-------- Data for processing --------

Lemma exists_signed_elementary (v : 'rV[R]_n) : span_lat B v -> v != 0 ->
  exists2 u, elementary (lattice B) u &
    (rsupp (toR R u) \subset rsupp v)%SET /\ exists i, 0 < toR R u ord0 i * v ord0 i.
Proof.
move=> v_span v0.
have [z [z_lat z0 z_supp]] := span_lat_lattice_supp B_free v_span v0.
have [u [u_el u_supp]] := B_zon z_lat z0.
have uv : (rsupp (toR R u) \subset rsupp v)%SET.
  by rewrite rsupp_toR (fintype.subset_trans u_supp z_supp).
have [i u_i] : exists i, toR R u ord0 i != 0.
  by apply/row_neq0; rewrite toR_eq0; case: u_el.
have uv_i : toR R u ord0 i * v ord0 i != 0.
  by rewrite mulf_neq0 //; move/fintype.subsetP: uv => /(_ i); rewrite !inE; apply.
have [uv_i_gt0 | uv_i_lt0] := ltrP 0 (toR R u ord0 i * v ord0 i).
  by exists u; last by split; last exists i.
exists (- u); first exact: elementaryN (@latticeN _ _ B) u_el.
rewrite /toR map_mxN -/(toR R u) rsuppN; split=> //; exists i.
by rewrite mxE mulNr oppr_gt0 lt_neqAle uv_i uv_i_lt0.
Qed.

Lemma exists_conformal_elementary (r : 'rV[R]_n) : span_lat B r -> r != 0 ->
  exists2 u, elementary (lattice B) u & conformal (toR R u) r.
Proof.
move=> r_span r0.
suff: forall m (v : 'rV[R]_n), #|rsupp v| = m -> span_lat B v -> v != 0 ->
    conformal v r -> exists2 u, elementary (lattice B) u & conformal (toR R u) r.
  by move/(_ _ r erefl r_span r0); apply; apply: conformal_refl.
elim/ltn_ind => m IH v v_card v_span v0 v_r.
have [u u_el [uv [i uv_i]]] := exists_signed_elementary v_span v0.
have [t t_gt0 [w_v w_proper]] := conformal_reduce uv uv_i.
have [w0 | w_neq0] := eqVneq (v - t *: toR R u) 0.
  exists u => //; apply: conformal_trans v_r.
  have -> : v = t *: toR R u by apply/eqP; rewrite -subr_eq0 w0.
  by move=> j u_j; rewrite [X in _ * X]mxE mulrCA pmulr_rgt0 // mulr_self_gt0.
apply: (IH #|rsupp (v - t *: toR R u)|) => //.
- by rewrite -v_card proper_card.
- by apply: span_lat_subZ => //; apply: span_lat_lattice; case: u_el.
- exact: conformal_trans w_v v_r.
Qed.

--------

= Exercise =
Report all lines in the records that include the string "move".

= Task result =
move=> v_span v0.
  by rewrite mulf_neq0 //; move/fintype.subsetP: uv => /(_ i); rewrite !inE; apply.
move=> r_span r0.
  by move/(_ _ r erefl r_span r0); apply; apply: conformal_refl.
  by move=> j u_j; rewrite [X in _ * X]mxE mulrCA pmulr_rgt0 // mulr_self_gt0.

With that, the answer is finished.